Może to być ciekawa pozycja i warto przeczytać. pozdrawiam
Zaintersowałaś mnie tą książką. Muszę ją nabyć :)
Dzięki za recenzję. Muszę mieć tą książkę :)
Koniecznie!
Pozycja ciekawa, może już nie dla mnie. Zgodzę się, że blogowaniu bliżej do maratonu niż do sprintu:-)
Podziwiam chłopa! Ogromny sukces!
Slyszalam o tej pozycji od Marty Krasnodebskiej, ona mnie zaintrygowala,.a Ty przekonales do jej zakupu 😉
Cieszę się, naprawdę warto!
Michal Szafranski jest chyba jedna z najbardziej inspirujacych i autentycznych osob z polskiej blogosfery. I zawsze tak mocno angazuje sie we wszystko, co robi. Jak w takich sytuacjach zaluje, ze nie mieszkam w kraju i ze taka smakowita lektura mnie ominie. Pozdrawiam serdecznie Beata
Dziękuję za komentarz i również pozdrawiam!
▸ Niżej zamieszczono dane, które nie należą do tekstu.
Let s1 := H12 p - 2 * M.
Let s2 := (H12 p - M) / 2.
Let s3 := (H12 p + Num.max (H1 p) (H2 p)) / 2 - M.
Let t1 := I12_U p q + H1_U p q + H2_U p q - 2 * M.
Let t2 := (I12_U p q + H1_U p q + H2_U p q - M) / 2.
Let t3 := I12_U p q + H1_U p q + H2_U p q / 2 - M.
Let t4 := I12_U p q + H1_U p q / 2 + H2_U p q - M.

Lemma RLBE : RLB p M = Num.max s1 (Num.max s2 s3).
Proof.
apply: inf_least => [|r [*]]; last by rewrite !ge_max; apply/and3P.
by split; rewrite !le_max lexx ?orbT.
Qed.

Lemma RLBGW_UE : RLBGW_U p q M = Num.max t1 (Num.max t2 (Num.max t3 t4)).
Proof.
apply: inf_least => [|r [*]]; last by rewrite !ge_max; apply/and4P.
by split; rewrite !le_max lexx ?orbT.
Qed.

Lemma RLB_ge : [/\ s1 <= RLB p M, s2 <= RLB p M & s3 <= RLB p M].
Proof. by rewrite RLBE; split; rewrite !le_max lexx ?orbT. Qed.

Lemma RLB_le r : s1 <= r -> s2 <= r -> s3 <= r -> RLB p M <= r.
Proof. by rewrite RLBE !ge_max => -> -> ->. Qed.

Lemma RLBGW_U_ge :
  [/\ t1 <= RLBGW_U p q M, t2 <= RLBGW_U p q M, t3 <= RLBGW_U p q M & t4 <= RLBGW_U p q M].
Proof. by rewrite RLBGW_UE; split; rewrite !le_max lexx ?orbT. Qed.

Lemma RLBGW_U_le r : t1 <= r -> t2 <= r -> t3 <= r -> t4 <= r -> RLBGW_U p q M <= r.
Proof. by rewrite RLBGW_UE !ge_max => -> -> -> ->. Qed.

Lemma RLB_le_RLBGW_U : (forall x1 x2, 0 <= p x1 x2) -> is_cond_pmf q ->
  RLB p M <= RLBGW_U p q M.
Proof.
move=> p_ge0 q_cond.
have H12_le := H12_le_I12_U_H1_U_H2_U p_ge0 q_cond.
have H1_le := H1_le_I12_U_H1_U p_ge0 q_cond.
have H2_le := H2_le_I12_U_H2_U p_ge0 q_cond.
have [] := RLBGW_U_ge; rewrite /t1 /t2 /t3 /t4 => t1_le t2_le t3_le t4_le.
apply: RLB_le; rewrite /s1 /s2 /s3; [lra | lra |].
by rewrite maxEle; case: ifP => _; lra.
Qed.

Lemma markov_RLBGW_U_le (m e : R) :
  (forall x1 x2, 0 <= p x1 x2) -> is_cond_pmf q -> markov_1U2 p q -> 0 <= e ->
  m - e <= Num.min (H1_U p q) (H2_U p q) / 2 -> M <= m \/ H12 p - 2 * m <= M ->
  RLBGW_U p q M <= RLB p M + e.
Proof.
move=> p_ge0 q_cond markov e_ge0 m_le M_range.
have gw_sum := markov_I12_U_H1_U_H2_U p_ge0 q_cond markov.
have min_le1 : Num.min (H1_U p q) (H2_U p q) <= H1_U p q by rewrite ge_min lexx.
have min_le2 : Num.min (H1_U p q) (H2_U p q) <= H2_U p q by rewrite ge_min lexx orbT.
have [] := RLB_ge; rewrite /s1 /s2 => s1_le s2_le _.
by apply: RLBGW_U_le; rewrite /t1 /t2 /t3 /t4; case: M_range; lra.
Qed.
End RateBounds.

Section Mixtures.
Variables (R : realType) (X1 X2 U : finType) (p : X1 -> X2 -> R) (q : X1 -> X2 -> U -> R).

Lemma markov_of_factorization (f : U -> X1 -> R) (g : U -> X2 -> R) :
  (forall x1 x2 u, P12U p q x1 x2 u = f u x1 * g u x2) -> markov_1U2 p q.
Proof.
move=> fgE x1 x2 u.
have P1UE y1 : P1U p q y1 u = f u y1 * \sum_y2 g u y2.
  by rewrite mulr_sumr; apply: eq_bigr => y2 _; rewrite fgE.
have P2UE y2 : P2U p q y2 u = (\sum_y1 f u y1) * g u y2.
  by rewrite mulr_suml; apply: eq_bigr => y1 _; rewrite fgE.
have PUE : PU p q u = (\sum_y1 f u y1) * \sum_y2 g u y2.
  by rewrite mulr_suml; apply: eq_bigr => y1 _; rewrite -P1UE.
by rewrite fgE PUE P1UE P2UE; ring.
Qed.

Variables (w : U -> R) (a : U -> X1 -> R) (b : U -> X2 -> R).
Hypothesis w_ge0 : forall u, 0 <= w u.
Hypothesis a_ge0 : forall u x1, 0 <= a u x1.
Hypothesis b_ge0 : forall u x2, 0 <= b u x2.
Hypothesis a_sum1 : forall u, \sum_x1 a u x1 = 1.
Hypothesis b_sum1 : forall u, \sum_x2 b u x2 = 1.
Hypothesis P12U_mix : forall x1 x2 u, P12U p q x1 x2 u = w u * (a u x1 * b u x2).

Lemma mixture_markov : markov_1U2 p q.
Proof.
apply: (markov_of_factorization (f := fun u x1 => w u * a u x1)) => *.
by rewrite P12U_mix mulrA.
Qed.

Let P1U_mix x1 u : P1U p q x1 u = w u * a u x1.
Proof.
by rewrite /P1U; under eq_bigr do rewrite P12U_mix; rewrite -!mulr_sumr b_sum1 mulr1.
Qed.

Let P2U_mix x2 u : P2U p q x2 u = w u * b u x2.
Proof.
rewrite /P2U; under eq_bigr do rewrite P12U_mix mulrCA.
by rewrite -mulr_suml a_sum1 mul1r.
Qed.

Let PU_mix : PU p q = w.
Proof.
apply/funext => u; rewrite /PU; under eq_bigr do rewrite -/(P1U p q _ u) P1U_mix.
by rewrite -mulr_sumr a_sum1 mulr1.
Qed.

Lemma mixture_H1_U : H1_U p q = \sum_u w u * Hent (a u).
Proof.
rewrite /H1_U /H1U /HU PU_mix.
under eq_fun do rewrite P1U_mix.
by rewrite Hent_mixture // addrAC subrr add0r.
Qed.

Lemma mixture_H2_U : H2_U p q = \sum_u w u * Hent (b u).
Proof.
rewrite /H2_U /H2U /HU PU_mix.
under eq_fun do rewrite P2U_mix.
by rewrite Hent_mixture // addrAC subrr add0r.
Qed.
End Mixtures.

Section Caratheodory.
Variables (R : realType) (U K : finType) (f : U -> K -> R).

Lemma exists_pos_relation (S : {set U}) : (#|K| < #|S|)%N ->
  exists c : U -> R, [/\ forall u, u \notin S -> c u = 0, exists u, 0 < c u &
    forall k, \sum_u c u * f u k = 0].
Proof.
move=> S_large.
pose A : 'M[R]_(#|S|, #|K|) := \matrix_(i, j) f (enum_val i) (enum_val j).
have ker_neq0 : kermx A != 0.
  by rewrite -mxrank_eq0 mxrank_ker subn_eq0 -ltnNge (leq_ltn_trans (rank_leq_col A)).
have [i [j ker_ij]] : exists i j, kermx A i j != 0.
  case/boolP: [exists i, exists j, kermx A i j != 0] => [/existsP[i /existsP[j]]|].
    by exists i, j.
  move/existsPn => ker0; case/negP: ker_neq0; apply/eqP/matrixP => i j.
  by rewrite [RHS]mxE; have /existsPn/(_ j)/negPn/eqP := ker0 i.
pose v := row i (kermx A).
have vA0 : v *m A = 0 by rewrite -row_mul mulmx_ker row0.
pose c u := \sum_(l | enum_val l == u) v 0 l.
have c_rel k : \sum_u c u * f u k = 0.
  have := congr1 (fun B : 'rV_#|K| => B 0 (enum_rank k)) vA0.
  rewrite !mxE => vA0k; rewrite -[RHS]vA0k; under eq_bigr do rewrite mulr_suml.
  rewrite (exchange_big_dep xpredT) //=; apply: eq_bigr => l _.
  rewrite (big_pred1 (enum_val l)) => [|u]; last by rewrite /= eq_sym.
  by rewrite !mxE enum_rankK.
have c_out u : u \notin S -> c u = 0.
  by move=> uS; apply: big1 => l /eqP el; move: uS; rewrite -el enum_valP.
have c_nz : c (enum_val j) != 0.
  rewrite /c (big_pred1 j) => [|l]; first by rewrite mxE.
  by rewrite /= (inj_eq enum_val_inj).
have [c_gt0|c_le0] := ltP 0 (c (enum_val j)).
  by exists c; split=> //; exists (enum_val j).
exists (fun u => - c u); split.
- by move=> u /c_out ->; rewrite oppr0.
- by exists (enum_val j); rewrite oppr_gt0 lt_neqAle c_nz.
- by move=> k; under eq_bigr do rewrite mulNr; rewrite sumrN c_rel oppr0.
Qed.

Lemma caratheodory_step (w : U -> R) : (forall u, 0 <= w u) ->
  (#|K| < #|[set u | w u != 0%R]|)%N ->
  exists w' : U -> R, [/\ forall u, 0 <= w' u,
    forall k, \sum_u w' u * f u k = \sum_u w u * f u k &
    [set u | w' u != 0] \proper [set u | w u != 0]].
Proof.
move=> w_ge0 /exists_pos_relation[c [c_out [u0 c_u0] c_rel]].
have {}c_out u : w u = 0 -> c u = 0 by move=> wu0; apply: c_out; rewrite inE wu0 eqxx.
pose um := [arg min_(u < u0 | 0 < c u) (w u / c u)]%O.
have [c_um um_min] : 0 < c um /\ forall u, 0 < c u -> w um / c um <= w u / c u.
  by rewrite /um; case: arg_minP.
pose t := w um / c um.
exists (fun u => w u - t * c u); split.
- move=> u; rewrite subr_ge0; have [c_gt0|c_le0] := ltP 0 (c u).
    by rewrite -ler_pdivlMr // um_min.
  exact: le_trans (mulr_ge0_le0 (divr_ge0 (w_ge0 _) (ltW c_um)) c_le0) (w_ge0 u).
- move=> k; under eq_bigr do rewrite mulrBl -mulrA.
  by rewrite sumrB -mulr_sumr c_rel mulr0 subr0.
- apply/properP; split.
    apply/fintype.subsetP => u; rewrite !inE; apply: contra => /eqP wu0.
    by rewrite wu0 c_out // mulr0 subr0.
  exists um; rewrite !inE; last by rewrite /t divfK ?subrr ?eqxx // gt_eqF.
  by apply: contraTneq c_um => /c_out ->; rewrite ltxx.
Qed.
Chyba większość z blogujących osób o tym marzy ;) Z chęcią bym się zapoznała z książką ;)
Ciekawa lektura zwłaszcza dla ludzi zajmujących się blogowaniem.
Przyznam, że nie potrzebuję aż tak mocno wchodzić w sferę blogowania, może dlatego, że nie przyświeca mi cel zarobkowania dzięki niemu, ale dla osób, które się tym interesują książka warta uwagi. :)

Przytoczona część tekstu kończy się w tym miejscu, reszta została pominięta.